* Work to complete *
Only the lines from the top of the data through the line with "Section OddOrder." should be repeated, each exactly as written.

* Stored data entries *
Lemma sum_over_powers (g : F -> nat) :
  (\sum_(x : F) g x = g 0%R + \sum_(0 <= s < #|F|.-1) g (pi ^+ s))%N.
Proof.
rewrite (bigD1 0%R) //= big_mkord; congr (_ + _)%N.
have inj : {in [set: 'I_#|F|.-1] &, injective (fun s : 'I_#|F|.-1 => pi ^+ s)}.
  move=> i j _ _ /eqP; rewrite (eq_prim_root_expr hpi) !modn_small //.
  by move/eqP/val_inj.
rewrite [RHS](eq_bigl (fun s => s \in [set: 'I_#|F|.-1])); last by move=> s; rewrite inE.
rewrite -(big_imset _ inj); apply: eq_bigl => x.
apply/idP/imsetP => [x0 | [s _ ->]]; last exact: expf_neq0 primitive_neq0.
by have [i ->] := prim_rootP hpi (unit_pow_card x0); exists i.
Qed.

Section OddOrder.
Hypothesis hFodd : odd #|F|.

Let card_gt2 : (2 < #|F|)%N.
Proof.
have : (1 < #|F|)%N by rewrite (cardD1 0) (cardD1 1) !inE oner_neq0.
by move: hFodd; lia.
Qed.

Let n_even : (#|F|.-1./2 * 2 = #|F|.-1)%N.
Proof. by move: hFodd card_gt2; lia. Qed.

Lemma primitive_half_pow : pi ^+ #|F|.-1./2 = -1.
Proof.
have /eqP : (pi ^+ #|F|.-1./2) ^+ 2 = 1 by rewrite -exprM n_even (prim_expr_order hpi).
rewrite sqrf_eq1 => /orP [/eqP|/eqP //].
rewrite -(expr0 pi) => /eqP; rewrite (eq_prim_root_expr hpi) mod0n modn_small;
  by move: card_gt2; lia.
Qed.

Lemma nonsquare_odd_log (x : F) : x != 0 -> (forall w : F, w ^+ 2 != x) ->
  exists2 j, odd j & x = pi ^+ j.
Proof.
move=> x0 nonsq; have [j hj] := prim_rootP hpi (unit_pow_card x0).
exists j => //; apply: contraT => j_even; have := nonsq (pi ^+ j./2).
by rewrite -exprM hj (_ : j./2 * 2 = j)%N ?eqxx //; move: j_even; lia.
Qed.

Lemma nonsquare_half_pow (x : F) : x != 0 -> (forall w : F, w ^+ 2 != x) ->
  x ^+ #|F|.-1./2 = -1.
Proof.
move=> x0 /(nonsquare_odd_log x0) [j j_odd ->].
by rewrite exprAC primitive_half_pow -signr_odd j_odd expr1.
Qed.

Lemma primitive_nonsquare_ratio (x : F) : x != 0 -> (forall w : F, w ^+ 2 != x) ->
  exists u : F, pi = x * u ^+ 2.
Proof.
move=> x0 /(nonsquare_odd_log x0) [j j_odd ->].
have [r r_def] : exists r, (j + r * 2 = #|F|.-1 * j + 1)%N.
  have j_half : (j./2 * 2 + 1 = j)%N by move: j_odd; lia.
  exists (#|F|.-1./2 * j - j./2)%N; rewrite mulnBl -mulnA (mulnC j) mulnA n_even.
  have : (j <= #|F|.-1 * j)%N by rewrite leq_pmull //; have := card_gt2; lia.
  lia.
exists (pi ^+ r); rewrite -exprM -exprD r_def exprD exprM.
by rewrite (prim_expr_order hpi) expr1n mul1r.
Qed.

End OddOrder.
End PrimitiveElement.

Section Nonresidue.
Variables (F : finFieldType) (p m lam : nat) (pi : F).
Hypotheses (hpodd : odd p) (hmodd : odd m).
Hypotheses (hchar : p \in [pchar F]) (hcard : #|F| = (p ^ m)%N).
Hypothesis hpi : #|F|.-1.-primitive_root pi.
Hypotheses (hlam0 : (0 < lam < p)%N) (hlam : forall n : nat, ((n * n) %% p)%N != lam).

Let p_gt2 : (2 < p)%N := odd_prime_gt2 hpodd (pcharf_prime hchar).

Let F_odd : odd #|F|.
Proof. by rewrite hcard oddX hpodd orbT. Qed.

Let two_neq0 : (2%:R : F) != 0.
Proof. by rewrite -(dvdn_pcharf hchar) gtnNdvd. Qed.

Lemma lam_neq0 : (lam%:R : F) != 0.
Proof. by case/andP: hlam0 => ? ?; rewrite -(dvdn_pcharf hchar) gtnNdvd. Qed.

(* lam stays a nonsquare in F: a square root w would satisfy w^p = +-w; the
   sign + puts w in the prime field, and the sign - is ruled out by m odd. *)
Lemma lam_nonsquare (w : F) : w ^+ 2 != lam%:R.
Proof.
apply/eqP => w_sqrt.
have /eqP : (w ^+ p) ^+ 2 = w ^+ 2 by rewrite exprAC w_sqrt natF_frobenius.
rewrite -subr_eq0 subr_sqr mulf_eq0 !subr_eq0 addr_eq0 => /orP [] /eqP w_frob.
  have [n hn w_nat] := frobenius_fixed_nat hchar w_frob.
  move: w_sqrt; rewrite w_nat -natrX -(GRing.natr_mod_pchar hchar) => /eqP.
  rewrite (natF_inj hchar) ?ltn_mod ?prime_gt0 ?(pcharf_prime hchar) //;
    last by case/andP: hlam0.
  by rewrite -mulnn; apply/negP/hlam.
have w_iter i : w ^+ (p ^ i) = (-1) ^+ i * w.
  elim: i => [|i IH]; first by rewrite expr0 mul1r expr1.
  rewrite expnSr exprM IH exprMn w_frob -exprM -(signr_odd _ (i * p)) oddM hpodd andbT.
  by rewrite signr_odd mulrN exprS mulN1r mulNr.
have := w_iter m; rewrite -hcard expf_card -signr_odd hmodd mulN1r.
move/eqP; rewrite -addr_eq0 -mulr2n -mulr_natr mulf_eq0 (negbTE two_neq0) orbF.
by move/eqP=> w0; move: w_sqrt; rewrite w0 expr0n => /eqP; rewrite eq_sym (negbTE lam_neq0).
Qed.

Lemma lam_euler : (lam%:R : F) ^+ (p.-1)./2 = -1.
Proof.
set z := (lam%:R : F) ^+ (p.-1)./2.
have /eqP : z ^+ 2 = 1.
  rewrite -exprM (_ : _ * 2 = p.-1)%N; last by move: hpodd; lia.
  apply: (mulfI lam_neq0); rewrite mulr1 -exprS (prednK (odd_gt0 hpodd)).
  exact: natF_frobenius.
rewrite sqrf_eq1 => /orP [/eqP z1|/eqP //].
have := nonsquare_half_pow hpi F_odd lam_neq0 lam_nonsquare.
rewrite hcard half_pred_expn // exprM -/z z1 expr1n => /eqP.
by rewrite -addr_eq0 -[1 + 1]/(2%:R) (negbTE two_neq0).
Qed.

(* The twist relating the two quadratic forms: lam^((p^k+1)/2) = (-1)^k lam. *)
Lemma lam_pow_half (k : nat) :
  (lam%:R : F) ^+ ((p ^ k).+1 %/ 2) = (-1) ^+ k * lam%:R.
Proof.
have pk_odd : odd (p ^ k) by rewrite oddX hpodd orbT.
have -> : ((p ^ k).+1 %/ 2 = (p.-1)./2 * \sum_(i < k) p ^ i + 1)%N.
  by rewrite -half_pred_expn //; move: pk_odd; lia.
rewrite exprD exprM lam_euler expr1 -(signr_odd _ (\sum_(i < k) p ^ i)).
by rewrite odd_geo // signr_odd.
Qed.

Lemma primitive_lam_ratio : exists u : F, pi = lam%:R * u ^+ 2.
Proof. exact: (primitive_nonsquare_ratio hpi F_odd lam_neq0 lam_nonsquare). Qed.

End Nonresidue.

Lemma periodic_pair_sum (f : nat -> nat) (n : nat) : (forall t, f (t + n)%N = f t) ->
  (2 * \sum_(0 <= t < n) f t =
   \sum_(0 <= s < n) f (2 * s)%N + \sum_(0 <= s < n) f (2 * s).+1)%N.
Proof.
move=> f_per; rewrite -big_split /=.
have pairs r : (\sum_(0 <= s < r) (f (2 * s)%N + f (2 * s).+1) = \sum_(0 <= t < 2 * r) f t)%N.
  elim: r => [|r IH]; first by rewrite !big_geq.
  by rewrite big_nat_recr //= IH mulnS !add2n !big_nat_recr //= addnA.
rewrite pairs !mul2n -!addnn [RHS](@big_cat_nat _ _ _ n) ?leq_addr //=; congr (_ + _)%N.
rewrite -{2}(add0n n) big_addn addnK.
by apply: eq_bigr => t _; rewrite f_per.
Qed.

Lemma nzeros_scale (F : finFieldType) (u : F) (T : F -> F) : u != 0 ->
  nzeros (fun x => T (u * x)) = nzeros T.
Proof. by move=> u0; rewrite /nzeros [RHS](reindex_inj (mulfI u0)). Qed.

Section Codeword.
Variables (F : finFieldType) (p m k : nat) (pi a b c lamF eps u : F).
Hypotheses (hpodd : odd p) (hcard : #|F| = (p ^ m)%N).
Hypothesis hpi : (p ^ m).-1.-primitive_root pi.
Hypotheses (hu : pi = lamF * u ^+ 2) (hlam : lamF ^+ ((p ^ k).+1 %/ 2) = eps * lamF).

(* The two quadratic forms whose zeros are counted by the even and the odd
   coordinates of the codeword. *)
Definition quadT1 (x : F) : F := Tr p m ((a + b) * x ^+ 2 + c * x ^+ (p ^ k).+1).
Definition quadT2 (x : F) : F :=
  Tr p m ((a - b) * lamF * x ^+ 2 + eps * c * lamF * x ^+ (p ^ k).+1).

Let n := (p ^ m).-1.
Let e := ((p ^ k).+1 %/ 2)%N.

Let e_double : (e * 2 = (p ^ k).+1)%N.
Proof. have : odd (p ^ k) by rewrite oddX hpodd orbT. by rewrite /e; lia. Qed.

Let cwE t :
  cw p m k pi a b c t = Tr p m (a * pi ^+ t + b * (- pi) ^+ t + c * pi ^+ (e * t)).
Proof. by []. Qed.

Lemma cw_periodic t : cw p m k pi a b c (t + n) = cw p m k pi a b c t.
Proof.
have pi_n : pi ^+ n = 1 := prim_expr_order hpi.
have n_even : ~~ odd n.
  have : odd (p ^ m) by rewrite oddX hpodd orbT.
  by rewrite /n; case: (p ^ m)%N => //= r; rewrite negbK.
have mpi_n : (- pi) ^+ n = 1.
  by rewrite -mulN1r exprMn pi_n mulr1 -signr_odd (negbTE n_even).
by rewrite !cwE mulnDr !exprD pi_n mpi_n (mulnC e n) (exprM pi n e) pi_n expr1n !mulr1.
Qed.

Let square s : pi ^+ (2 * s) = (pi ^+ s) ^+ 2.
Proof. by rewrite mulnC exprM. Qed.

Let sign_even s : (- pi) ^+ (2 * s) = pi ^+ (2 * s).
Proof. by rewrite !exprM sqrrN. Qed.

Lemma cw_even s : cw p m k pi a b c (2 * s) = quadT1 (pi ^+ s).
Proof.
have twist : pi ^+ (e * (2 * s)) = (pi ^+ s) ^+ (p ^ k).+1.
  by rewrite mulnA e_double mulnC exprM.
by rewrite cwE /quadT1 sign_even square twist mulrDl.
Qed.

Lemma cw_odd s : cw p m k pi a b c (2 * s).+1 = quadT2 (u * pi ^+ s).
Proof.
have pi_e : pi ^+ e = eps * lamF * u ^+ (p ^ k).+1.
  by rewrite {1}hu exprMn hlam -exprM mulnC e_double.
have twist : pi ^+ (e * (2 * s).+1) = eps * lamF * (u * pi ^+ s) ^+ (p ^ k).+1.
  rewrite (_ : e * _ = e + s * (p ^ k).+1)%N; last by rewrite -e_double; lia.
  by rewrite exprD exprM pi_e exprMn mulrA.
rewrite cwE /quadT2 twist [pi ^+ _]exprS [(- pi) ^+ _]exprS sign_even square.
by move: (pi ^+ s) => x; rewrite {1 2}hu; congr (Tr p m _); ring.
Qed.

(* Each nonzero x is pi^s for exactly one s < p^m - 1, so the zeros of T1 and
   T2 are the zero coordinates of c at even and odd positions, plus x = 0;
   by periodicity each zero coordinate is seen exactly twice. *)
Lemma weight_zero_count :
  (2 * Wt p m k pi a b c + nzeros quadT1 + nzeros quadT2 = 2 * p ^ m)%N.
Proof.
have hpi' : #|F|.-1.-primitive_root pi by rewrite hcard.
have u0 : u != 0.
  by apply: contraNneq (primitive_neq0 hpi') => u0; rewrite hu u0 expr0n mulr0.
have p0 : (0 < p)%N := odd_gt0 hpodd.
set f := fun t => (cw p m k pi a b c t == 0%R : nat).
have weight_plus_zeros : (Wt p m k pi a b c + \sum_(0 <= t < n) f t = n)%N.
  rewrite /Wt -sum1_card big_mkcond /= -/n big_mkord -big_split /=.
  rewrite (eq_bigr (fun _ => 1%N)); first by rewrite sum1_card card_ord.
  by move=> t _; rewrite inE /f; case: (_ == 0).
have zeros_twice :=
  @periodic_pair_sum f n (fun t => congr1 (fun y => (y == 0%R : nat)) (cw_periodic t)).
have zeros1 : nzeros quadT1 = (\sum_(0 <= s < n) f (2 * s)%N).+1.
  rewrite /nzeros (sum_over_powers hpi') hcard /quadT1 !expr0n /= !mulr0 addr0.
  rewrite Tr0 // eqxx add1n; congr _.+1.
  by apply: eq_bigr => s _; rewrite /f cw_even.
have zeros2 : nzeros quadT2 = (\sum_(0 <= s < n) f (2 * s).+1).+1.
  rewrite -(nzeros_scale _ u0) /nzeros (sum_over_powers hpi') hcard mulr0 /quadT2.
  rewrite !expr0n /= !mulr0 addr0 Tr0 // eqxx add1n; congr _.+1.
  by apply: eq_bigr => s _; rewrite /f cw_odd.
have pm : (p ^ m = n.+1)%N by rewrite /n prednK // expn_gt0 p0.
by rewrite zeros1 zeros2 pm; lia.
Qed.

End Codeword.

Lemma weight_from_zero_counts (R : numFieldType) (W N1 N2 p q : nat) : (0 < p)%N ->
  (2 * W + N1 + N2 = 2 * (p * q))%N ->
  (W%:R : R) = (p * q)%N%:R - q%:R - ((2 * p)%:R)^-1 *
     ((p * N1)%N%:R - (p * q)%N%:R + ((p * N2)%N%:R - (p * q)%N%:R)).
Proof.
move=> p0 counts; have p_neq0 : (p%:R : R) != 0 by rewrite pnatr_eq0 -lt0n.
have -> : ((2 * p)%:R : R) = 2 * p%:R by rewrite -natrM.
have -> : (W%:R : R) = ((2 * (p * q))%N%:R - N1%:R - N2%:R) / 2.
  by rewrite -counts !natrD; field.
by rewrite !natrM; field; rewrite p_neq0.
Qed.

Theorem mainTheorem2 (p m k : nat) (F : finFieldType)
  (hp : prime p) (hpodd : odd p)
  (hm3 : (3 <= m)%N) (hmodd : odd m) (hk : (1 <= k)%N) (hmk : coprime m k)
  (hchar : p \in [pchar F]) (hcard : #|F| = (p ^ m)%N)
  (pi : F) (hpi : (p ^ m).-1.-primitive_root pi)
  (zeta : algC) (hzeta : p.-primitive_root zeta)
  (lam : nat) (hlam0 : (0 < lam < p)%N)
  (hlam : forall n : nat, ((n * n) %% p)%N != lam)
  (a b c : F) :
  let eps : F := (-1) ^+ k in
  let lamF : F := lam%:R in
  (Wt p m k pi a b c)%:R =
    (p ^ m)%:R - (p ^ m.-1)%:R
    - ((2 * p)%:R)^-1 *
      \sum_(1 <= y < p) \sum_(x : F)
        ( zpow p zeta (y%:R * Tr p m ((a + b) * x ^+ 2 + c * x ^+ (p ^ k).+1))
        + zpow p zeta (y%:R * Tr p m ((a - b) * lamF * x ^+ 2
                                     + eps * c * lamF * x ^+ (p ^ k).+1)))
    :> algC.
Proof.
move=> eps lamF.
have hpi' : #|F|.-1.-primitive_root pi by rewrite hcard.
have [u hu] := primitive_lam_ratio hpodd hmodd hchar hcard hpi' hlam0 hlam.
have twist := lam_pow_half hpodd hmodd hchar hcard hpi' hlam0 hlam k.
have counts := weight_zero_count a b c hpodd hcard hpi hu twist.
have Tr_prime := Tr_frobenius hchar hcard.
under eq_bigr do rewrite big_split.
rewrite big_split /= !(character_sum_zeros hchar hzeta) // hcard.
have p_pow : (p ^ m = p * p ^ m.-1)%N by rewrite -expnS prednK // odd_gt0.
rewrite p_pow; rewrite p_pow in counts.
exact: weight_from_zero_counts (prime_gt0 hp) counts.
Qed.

* Worked solution *
Lemma sum_over_powers (g : F -> nat) :
  (\sum_(x : F) g x = g 0%R + \sum_(0 <= s < #|F|.-1) g (pi ^+ s))%N.
Proof.
rewrite (bigD1 0%R) //= big_mkord; congr (_ + _)%N.
have inj : {in [set: 'I_#|F|.-1] &, injective (fun s : 'I_#|F|.-1 => pi ^+ s)}.
  move=> i j _ _ /eqP; rewrite (eq_prim_root_expr hpi) !modn_small //.
  by move/eqP/val_inj.
rewrite [RHS](eq_bigl (fun s => s \in [set: 'I_#|F|.-1])); last by move=> s; rewrite inE.
rewrite -(big_imset _ inj); apply: eq_bigl => x.
apply/idP/imsetP => [x0 | [s _ ->]]; last exact: expf_neq0 primitive_neq0.
by have [i ->] := prim_rootP hpi (unit_pow_card x0); exists i.
Qed.

Section OddOrder.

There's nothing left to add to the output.